** Opening DATA TO EXAMINE block **

(* A graph automorphism s maps modules to modules and commutes with every step
   of the decomposition, so it permutes the nodes by M |-> s M and induces an
   automorphism of T (v |-> s v, m_M |-> m_(s M)); this is a morphism.
   Conversely an automorphism p of T permutes the normal vertices, which gives
   a permutation s of V.  By induction on |M|, p maps m_M' to m_(s M)': the
   tree edge pairs m_M' with m_M, and the neighbours of m_M' are the markers of
   the children of M or, for a leaf, the vertices of M, and they determine M.
   An edge xy of X lies either inside a leaf, where it is a normal edge of T,
   or between two distinct parts C, D of some node; the parts are disjoint
   modules (for maximal proper modules this is Gallai's theorem), so C and D
   are adjacent and m_C m_D is a normal edge.  Hence s preserves edges and p is
   the automorphism induced by s. *)

Section PermImage.
Variables (T : finType) (s : {perm T}).
Implicit Types (A B : {set T}) (P : pred T).

Lemma mem_imset_perm A x : (s x \in s @: A) = (x \in A).
Proof. exact/mem_imset/perm_inj. Qed.

Lemma imset_permK A : (s^-1)%g @: (s @: A) = A.
Proof. by rewrite -imset_comp (eq_imset _ (permK s)) imset_id. Qed.

Lemma imset_permKV A : s @: ((s^-1)%g @: A) = A.
Proof. by rewrite -imset_comp (eq_imset _ (permKV s)) imset_id. Qed.

Lemma imset_perm_inj : injective (fun A => s @: A).
Proof. exact/imset_inj/perm_inj. Qed.

Lemma imset_perm_eq A B : (s @: A == s @: B) = (A == B).
Proof. exact: (inj_eq imset_perm_inj). Qed.

Lemma imset_perm_subset A B : (s @: A \subset s @: B) = (A \subset B).
Proof.
apply/idP/idP; last exact: imsetS.
by move/(imsetS (s^-1)%g); rewrite !imset_permK.
Qed.

Lemma imset_permD A B : s @: (A :\: B) = s @: A :\: s @: B.
Proof.
apply/setP => y; rewrite -[y](permKV s) mem_imset_perm !inE !mem_imset_perm.
by rewrite -inE.
Qed.

Lemma imset_permT : s @: [set: T] = [set: T].
Proof. by apply/setP => y; rewrite -[y](permKV s) mem_imset_perm !inE. Qed.

Lemma mem_imset_perm_set (S : {set {set T}}) A :
  (s @: A \in [set s @: C | C : {set T} in S]) = (A \in S).
Proof. exact/mem_imset/imset_perm_inj. Qed.

Lemma forall_in_imset_perm A P : [forall x in s @: A, P x] = [forall x in A, P (s x)].
Proof.
apply/forall_inP/forall_inP => H x; first by move=> xA; apply: H; rewrite mem_imset_perm.
by case/imsetP=> y yA ->; apply: H.
Qed.

Lemma forall_set_imset_perm (Q : pred {set T}) :
  [forall A : {set T}, Q A] = [forall A : {set T}, Q (s @: A)].
Proof.
apply/forallP/forallP => H A; first exact: H.
by rewrite -(imset_permKV A); apply: H.
Qed.

Lemma connect_perm (r r' : rel T) : (forall x y, r' (s x) (s y) = r x y) ->
  forall x y, connect r' (s x) (s y) = connect r x y.
Proof.
have connect_map (r1 r2 : rel T) (f : {perm T}) :
    (forall x y, r2 (f x) (f y) = r1 x y) ->
    forall x y, connect r1 x y -> connect r2 (f x) (f y).
  move=> hf x _ /connectP[q q_path ->]; apply/connectP; exists (map f q).
    by rewrite (@map_path _ _ f r2 r1 pred0) //; apply/hasPn.
  by rewrite last_map.
move=> hr x y; apply/idP/idP; last exact: connect_map.
move/(connect_map r' r (s^-1)%g); rewrite !permK; apply=> u v.
by rewrite -hr !permKV.
Qed.

End PermImage.

Section Transport.
Variables (V : finType) (e : rel V) (s : {perm V}).
Hypothesis s_aut : forall x y, e (s x) (s y) = e x y.
Implicit Types (A M N : {set V}).

Lemma is_module_imset A M : is_module e (s @: A) (s @: M) = is_module e A M.
Proof.
rewrite /is_module imset_perm_subset imset_eq0 -imset_permD forall_in_imset_perm.
congr [&& _, _ & _]; apply: eq_forallb => x; rewrite !forall_in_imset_perm.
by congr (_ ==> (_ || _)); apply: eq_forallb => y; rewrite s_aut.
Qed.

Lemma is_prime_imset A : is_prime e (s @: A) = is_prime e A.
Proof.
rewrite /is_prime (forall_set_imset_perm s); apply: eq_forallb => M.
by rewrite is_module_imset /trivial_module imset_perm_eq card_imset //; apply: perm_inj.
Qed.

Lemma is_degenerate_imset A : is_degenerate e (s @: A) = is_degenerate e A.
Proof.
rewrite /is_degenerate !forall_in_imset_perm.
congr (_ || _); apply: eq_forallb => x; rewrite forall_in_imset_perm;
  congr (_ ==> _); apply: eq_forallb => y; rewrite s_aut //.
by rewrite (inj_eq perm_inj).
Qed.

Lemma adjA_perm A x y : adjA e (s @: A) (s x) (s y) = adjA e A x y.
Proof. by rewrite /adjA !mem_imset_perm s_aut. Qed.

Lemma coadjA_perm A x y : coadjA e (s @: A) (s x) (s y) = coadjA e A x y.
Proof. by rewrite /coadjA !mem_imset_perm s_aut (inj_eq perm_inj). Qed.

Section Relation.
Variables (r r' : rel V).
Hypothesis r_perm : forall x y, r' (s x) (s y) = r x y.

Lemma rconnected_imset A : rconnected (s @: A) r' = rconnected A r.
Proof.
rewrite /rconnected forall_in_imset_perm; apply: eq_forallb => x.
rewrite forall_in_imset_perm; congr (_ ==> _); apply: eq_forallb => y.
by rewrite (connect_perm r_perm).
Qed.

Lemma rcomponents_imset A :
  rcomponents (s @: A) r' = [set s @: C | C : {set V} in rcomponents A r].
Proof.
rewrite /rcomponents -!imset_comp; apply: eq_imset => x /=.
apply/setP => y; rewrite -[y](permKV s) mem_imset_perm !inE mem_imset_perm.
by rewrite (connect_perm r_perm).
Qed.

End Relation.

Lemma max_proper_modules_imset A :
  max_proper_modules e (s @: A) = [set s @: M | M : {set V} in max_proper_modules e A].
Proof.
apply/setP => M'; rewrite -(imset_permKV s M') mem_imset_perm_set !inE.
rewrite /proper_module is_module_imset imset_perm_eq; congr (_ && _).
rewrite (forall_set_imset_perm s); apply: eq_forallb => N.
by rewrite is_module_imset !imset_perm_eq imset_perm_subset.
Qed.

Lemma children_imset A : children e (s @: A) = [set s @: C | C : {set V} in children e A].
Proof.
rewrite /children is_prime_imset is_degenerate_imset.
rewrite (rconnected_imset (adjA_perm A)) (rconnected_imset (coadjA_perm A)).
case: ifP => _; first by rewrite imset0.
case: ifP => _; first exact: max_proper_modules_imset.
by case: ifP => _; apply: rcomponents_imset; [apply: adjA_perm | apply: coadjA_perm].
Qed.

Lemma nodes_imset M : M \in nodes e -> s @: M \in nodes e.
Proof.
rewrite /nodes /fixset; elim: #|_| M => [|k IHk] M /=; first by rewrite inE.
case/setU1P => [->|/bigcupP[A HA MA]]; first by rewrite imset_permT setU11.
apply/setU1P; right; apply/bigcupP; exists (s @: A); first exact: IHk.
by rewrite children_imset mem_imset_perm_set.
Qed.

Lemma is_leaf_imset M : is_leaf e (s @: M) = is_leaf e M.
Proof. by rewrite /is_leaf children_imset imset_eq0. Qed.

Lemma adjacent_modules_imset M N :
  adjacent_modules e (s @: M) (s @: N) = adjacent_modules e M N.
Proof.
rewrite /adjacent_modules forall_in_imset_perm; apply: eq_forallb => x.
by rewrite forall_in_imset_perm; congr (_ ==> _); apply: eq_forallb => y; rewrite s_aut.
Qed.

End Transport.
Section Decomposition.
Variables (V : finType) (e : rel V).
Hypothesis e_sym : symmetric e.
Implicit Types (A B C D M N : {set V}) (r : rel V).

Lemma is_moduleP A M :
  reflect [/\ M \subset A, M != set0 &
           forall x y y', x \in A :\: M -> y \in M -> y' \in M -> e x y = e x y']
          (is_module e A M).
Proof.
apply: (iffP and3P) => -[sMA M0 H]; split=> //.
  move=> x y y' /(forall_inP H) /orP[] /forall_inP exM yM y'M; first by rewrite !exM.
  by rewrite (negbTE (exM _ yM)) (negbTE (exM _ y'M)).
apply/forall_inP => x xAM; have [y yM] := set0Pn _ M0.
by case: (boolP (e x y)) => exy; apply/orP; [left | right];
  apply/forall_inP => y' y'M; rewrite (H x y' y) ?exy.
Qed.

Lemma is_module_set1 A x : x \in A -> is_module e A [set x].
Proof.
move=> xA; apply/is_moduleP; split; first by rewrite sub1set.
  by apply/set0Pn; exists x; rewrite inE.
by move=> w y y' _ /set1P-> /set1P->.
Qed.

** Closing DATA TO EXAMINE block **

Look above for the line holding "automorphism of T" and the line holding "(P : pred T).". Retype both, and every line between them, word for word and nothing else.

● COMPLETED TASK:
   automorphism of T (v |-> s v, m_M |-> m_(s M)); this is a morphism.
   Conversely an automorphism p of T permutes the normal vertices, which gives
   a permutation s of V.  By induction on |M|, p maps m_M' to m_(s M)': the
   tree edge pairs m_M' with m_M, and the neighbours of m_M' are the markers of
   the children of M or, for a leaf, the vertices of M, and they determine M.
   An edge xy of X lies either inside a leaf, where it is a normal edge of T,
   or between two distinct parts C, D of some node; the parts are disjoint
   modules (for maximal proper modules this is Gallai's theorem), so C and D
   are adjacent and m_C m_D is a normal edge.  Hence s preserves edges and p is
   the automorphism induced by s. *)

Section PermImage.
Variables (T : finType) (s : {perm T}).
Implicit Types (A B : {set T}) (P : pred T).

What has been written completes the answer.